WORK INSTRUCTIONS: Look for the line that has "apply: leq_trans (leq_pred" in the material below; please repeat it and every line after it, exactly, up to and including the line that has "have deg_m : mdeg m != (k * d)%N.", and nothing else.
[[ THE DATA, beginning ]]
Lemma gen_in_deg_pow k : gen_in_deg (ideal_pow I k) (k * d).
Proof.
elim: k => [|k IHk]; first exact: gen_in_deg_full.
rewrite mulSnr; apply: gen_in_deg_mul IHk _.
by apply: gen_in_deg_ideal_gen => _ /mapP[g gs_g ->]; exists g; rewrite gens_deg.
Qed.

Lemma gen_in_deg_mpow k : gen_in_deg (ideal_mul M (ideal_pow I k)) (k * d).+1.
Proof. by rewrite -add1n; apply: gen_in_deg_mul gen_in_deg_maxideal (@gen_in_deg_pow k). Qed.

Lemma colon_msupp_mdeg k c m : colon (ideal_pow I k) M c -> m \in msupp c ->
  ideal_pow I k 'X_[m] \/ (mdeg m).+1 = (k * d)%N.
Proof.
move=> Cc mc; have [|notIm] := classic (ideal_pow I k 'X_[m]); first by left.
right; have Cm := colon_msupp (pow_ideal k) (@gen_in_deg_pow k) Cc mc.
by case: k {Cc} Cm notIm => [|k] Cm notIm; [case: notIm | apply: socle_deg].
Qed.

Lemma colon_not_pow_gt0 k c : colon (ideal_pow I k) M c -> ~ ideal_pow I k c ->
  (0 < k * d)%N.
Proof.
move=> Cc notIc; have [m mc notIm] : exists2 m, m \in msupp c & ~ ideal_pow I k 'X_[m].
  apply: NNPP => all_m; apply: notIc; apply: ideal_of_msupp (pow_ideal k) _ => m mc.
  by apply: NNPP => notIm; apply: all_m; exists m.
by have [//|<-] := colon_msupp_mdeg Cc mc.
Qed.

Lemma colon_mulX_mpow k c i : colon (ideal_pow I k) M c ->
  ideal_mul M (ideal_pow I k) ('X_i * c) -> ideal_pow I k c.
Proof.
move=> Cc MIc; apply: ideal_of_msupp (pow_ideal k) _ => m mc.
have [//|deg_m] := colon_msupp_mdeg Cc mc.
have : (U_(i) + m)%MM \in msupp ('X_i * c).
  by rewrite mulrC mcoeff_msupp mcoeffMX -mcoeff_msupp.
by move=> /(gen_in_deg_mdeg (@gen_in_deg_mpow k) MIc); rewrite mdegD mdeg1; lia.
Qed.

Lemma mdeg_ge_pow k f : ideal_pow I k f -> mdeg_ge (k * d) f.
Proof. by move=> If m; apply: (gen_in_deg_mdeg (@gen_in_deg_pow k) If). Qed.

Lemma mdeg_ge_colon k c : colon (ideal_pow I k) M c -> mdeg_ge (k * d).-1 c.
Proof.
move=> Cc m mc; have [Im|<-] := colon_msupp_mdeg Cc mc; last exact: leqnn.
apply: leq_trans (leq_pred _) (mdeg_ge_pow Im _); by rewrite msuppX mem_seq1.
Qed.

Lemma colon_pihomog_eq0 k c : colon (ideal_pow I k) M c ->
  pi (k * d).-1 c = 0 -> ideal_pow I k c.
Proof.
move=> Cc pi_c0; apply: ideal_of_msupp (pow_ideal k) _ => m mc.
have [//|deg_m] := colon_msupp_mdeg Cc mc.
have := congr1 (mcoeff m) pi_c0; rewrite mcoeff_pihomog mcoeff0 -deg_m eqxx => c_m0.
by move: mc; rewrite mcoeff_msupp c_m0 eqxx.
Qed.

Lemma pow_pihomog_eq0 k f : ideal_pow I k f -> pi (k * d) f = 0 ->
  ideal_mul M (ideal_pow I k) f.
Proof.
move=> If pi_f0; apply: ideal_of_msupp (mpow_ideal k) _ => m mf.
have [g [Ig deg_g le_gm]] := @gen_in_deg_pow k _ If _ mf.
have deg_m : mdeg m != (k * d)%N.
  apply: contraTneq mf => deg_m; rewrite mcoeff_msupp negbK.
  by have := congr1 (mcoeff m) pi_f0; rewrite mcoeff_pihomog mcoeff0 deg_m eqxx => ->.
have mg_neq0 : (m - g)%MM != 0%MM.
  by apply: contraNneq deg_m => mg0; rewrite -(submK le_gm) mg0 add0m deg_g.
by rewrite -(submK le_gm) mpolyXD; apply: ideal_mul_mem; first exact: maxideal_mpolyX.
Qed.

Lemma pihomog_pow_pred k p : (0 < k * d)%N -> ideal_pow I k p -> pi (k * d).-1 p = 0.
Proof. by move=> kd_gt0 /mdeg_ge_pow; rewrite -(prednK kd_gt0); apply: pihomog_mdeg_gt. Qed.

Lemma pihomog_gmul f c k : (0 < d)%N ->
  (forall i, ideal_pow I i (f i)) -> (forall j, colon (ideal_pow I j) M (c j)) ->
  pi (k.+1 * d).-1 (gmul f c k.+1) =
  \sum_(i < k.+1) pi (i * d) (f i) * pi ((k.+1 - i) * d).-1 (c (k.+1 - i)%N).
Proof.
move=> d_gt0 If Cc; rewrite /gmul raddf_sum big_ord_recr /= subnn.
rewrite pihomog_pow_pred ?addr0 ?muln_gt0 ?d_gt0 //; last by apply: (idealMr (pow_ideal _)).
apply: eq_bigr => i _.
have rest_gt0 : (0 < (k.+1 - i) * d)%N by rewrite muln_gt0 subn_gt0 ltn_ord d_gt0.
have -> : ((k.+1 * d).-1 = i * d + ((k.+1 - i) * d).-1)%N.
  by rewrite -[in LHS](subnKC (ltnW (ltn_ord i))) mulnDl; lia.
exact: pihomogM_mdeg_ge (mdeg_ge_pow (If i)) (mdeg_ge_colon (Cc _)).
Qed.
[[ THE DATA, end ]]
ANSWER:
apply: leq_trans (leq_pred _) (mdeg_ge_pow Im _); by rewrite msuppX mem_seq1.
Qed.

Lemma colon_pihomog_eq0 k c : colon (ideal_pow I k) M c ->
  pi (k * d).-1 c = 0 -> ideal_pow I k c.
Proof.
move=> Cc pi_c0; apply: ideal_of_msupp (pow_ideal k) _ => m mc.
have [//|deg_m] := colon_msupp_mdeg Cc mc.
have := congr1 (mcoeff m) pi_c0; rewrite mcoeff_pihomog mcoeff0 -deg_m eqxx => c_m0.
by move: mc; rewrite mcoeff_msupp c_m0 eqxx.
Qed.

Lemma pow_pihomog_eq0 k f : ideal_pow I k f -> pi (k * d) f = 0 ->
  ideal_mul M (ideal_pow I k) f.
Proof.
move=> If pi_f0; apply: ideal_of_msupp (mpow_ideal k) _ => m mf.
have [g [Ig deg_g le_gm]] := @gen_in_deg_pow k _ If _ mf.
have deg_m : mdeg m != (k * d)%N.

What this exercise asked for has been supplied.